Stored items:

(* Let $k$ be a finite field with $q$ elements. Let $f=p^d\in V_n$, where $p$ is an irreducible homogeneous polynomial and $d\ge1$, so that $R(f)$ is an indecomposable regular representation. Suppose that the map $V_{n-1}\to V_n/\langle f\rangle$ given by multiplication by $y$ is not bijective. Then the quiver $|R(f)|$ has exactly one loop, and this loop is at the vertex $0$. Moreover, after removing this loop, $|R(f)|$ is a directed tree with the following properties: 1. no arrow starts at $0$; 2. at every vertex other than $0$ exactly one arrow starts; 3. at every vertex other than $0$ either exactly $q$ arrows end or none end, and at $0$ exactly $q-1$ arrows end; 4. every vertex at which no arrow ends is connected to $0$ by a unique directed path, and this path has length $d$.
   Context: A quiver is a quadruple $(\Gamma_0,\Gamma_1,s,t)$ with vertex set $\Gamma_0$, arrow set $\Gamma_1$, and start and terminus maps $s,t$. For a linear Kronecker representation $f,g\colon X_1\to X_0$, the quiver $|X|$ has vertices $X_0$, arrows $X_1$, $s=f$ and $t=g$. $V_n\subset k[x,y]$ is the space of homogeneous polynomials of degree $n$, with $V_{-1}=0$. For $0\ne f\in V_n$, $R(f)$ is the representation $V_{n-1}\rightrightarrows V_n/\langle f\rangle$ whose first map is multiplication by $x$ and whose second map is multiplication by $y$, each followed by the projection. *)

From HB Require Import structures.
From mathcomp Require Import all_boot all_order all_algebra all_field.
Set Implicit Arguments. Unset Strict Implicit. Unset Printing Implicit Defensive.
Import GRing.Theory.
Local Open Scope ring_scope.

Section Quiver.
Variables (V A : eqType) (s t : A -> V).

Definition joins (e : A) (a b : V) : bool :=
  ((s e == a) && (t e == b)) || ((s e == b) && (t e == a)).

Fixpoint uwalk (u w : V) (es : seq A) : bool :=
  match es with
  | [::] => u == w
  | e :: es' => ((s e == u) && uwalk (t e) w es') || ((t e == u) && uwalk (s e) w es')
  end.

Fixpoint dwalk (u w : V) (es : seq A) : bool :=
  match es with
  | [::] => u == w
  | e :: es' => (s e == u) && dwalk (t e) w es'
  end.

Definition dpath (u w : V) (es : seq A) : bool :=
  dwalk u w es && uniq (u :: map t es).

Definition qconnected (VP : pred V) (AP : pred A) : Prop :=
  forall u w, VP u -> VP w -> exists es, all AP es && uwalk u w es.

(* underlying graph has no (undirected) cycle: a cyclic sequence of distinct
   vertices vs_0,...,vs_{m-1} (m >= 1) and distinct arrows es_i joining vs_i
   and vs_{i+1 mod m} *)
Definition qacyclic (AP : pred A) : Prop :=
  ~ exists (es : seq A) (vs : seq V),
      [/\ es != [::], size vs = size es, uniq es && uniq vs, all AP es
        & all (fun x => joins x.1 x.2.1 x.2.2) (zip es (zip vs (rot 1 vs)))].

Definition qtree (VP : pred V) (AP : pred A) : Prop :=
  qconnected VP AP /\ qacyclic AP.
End Quiver.

(** * Homogeneous polynomials in k[x,y].
    k[x,y] is modelled as {poly {poly k}}: the outer variable is y, the inner
    one is x.  V_m is modelled by coordinate vectors 'rV_(m.+1): the vector a
    corresponds to sum_i a_i x^i y^(m-i).  In particular V_{n-1} = 'rV_n
    (and V_{-1} = 'rV_0 = 0). *)
Section Hom.
Variable k : fieldType.

Definition Xv : {poly {poly k}} := ('X)%:P.
Definition Yv : {poly {poly k}} := 'X.

Definition hpoly (m : nat) (a : 'rV[k]_m) : {poly {poly k}} :=
  \sum_(i < m) (a 0 i)%:P%:P * Xv ^+ i * Yv ^+ (m.-1 - i).

Definition hcoef (P : {poly {poly k}}) (i j : nat) : k := (P`_j)`_i.

Definition homog (m : nat) (P : {poly {poly k}}) : Prop :=
  forall i j, hcoef P i j != 0 -> (i + j)%N = m.

Definition hvec (n : nat) (P : {poly {poly k}}) : 'rV[k]_(n.+1) :=
  \row_(i < n.+1) hcoef P i (n - i).
End Hom.

Definition irreducible_elt (R : idomainType) (p : R) : Prop :=
  [/\ p != 0, p \isn't a GRing.unit
    & forall a b, p = a * b -> a \is a GRing.unit \/ b \is a GRing.unit].

Section Rf.
Variables (k : finFieldType) (n : nat) (F : 'rV[k]_(n.+1)).

Definition coset (v : 'rV[k]_(n.+1)) : {set 'rV[k]_(n.+1)} :=
  [set v + c *: F | c : k].

Definition isVertex : pred {set 'rV[k]_(n.+1)} :=
  fun C => [exists v : 'rV[k]_(n.+1), C == coset v].

Definition Rsrc (a : 'rV[k]_n) : {set 'rV[k]_(n.+1)} := coset (hvec n (Xv k * hpoly a)).
Definition Rtgt (a : 'rV[k]_n) : {set 'rV[k]_(n.+1)} := coset (hvec n (Yv k * hpoly a)).
End Rf.

From HB Require Import structures.
From mathcomp Require Import all_boot all_order all_algebra all_field.
From mathcomp Require Import zify.
Set Implicit Arguments. Unset Strict Implicit. Unset Printing Implicit Defensive.
Import GRing.Theory.
Local Open Scope ring_scope.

**Exercise description**: Return, word for word, the lines of the data above from the line with "dwalk (t e) w es'" through the line with "forall u w, VP", inclusive.

**Response area**:
  | e :: es' => (s e == u) && dwalk (t e) w es'
  end.

Definition dpath (u w : V) (es : seq A) : bool :=
  dwalk u w es && uniq (u :: map t es).

Definition qconnected (VP : pred V) (AP : pred A) : Prop :=
  forall u w, VP u -> VP w -> exists es, all AP es && uwalk u w es.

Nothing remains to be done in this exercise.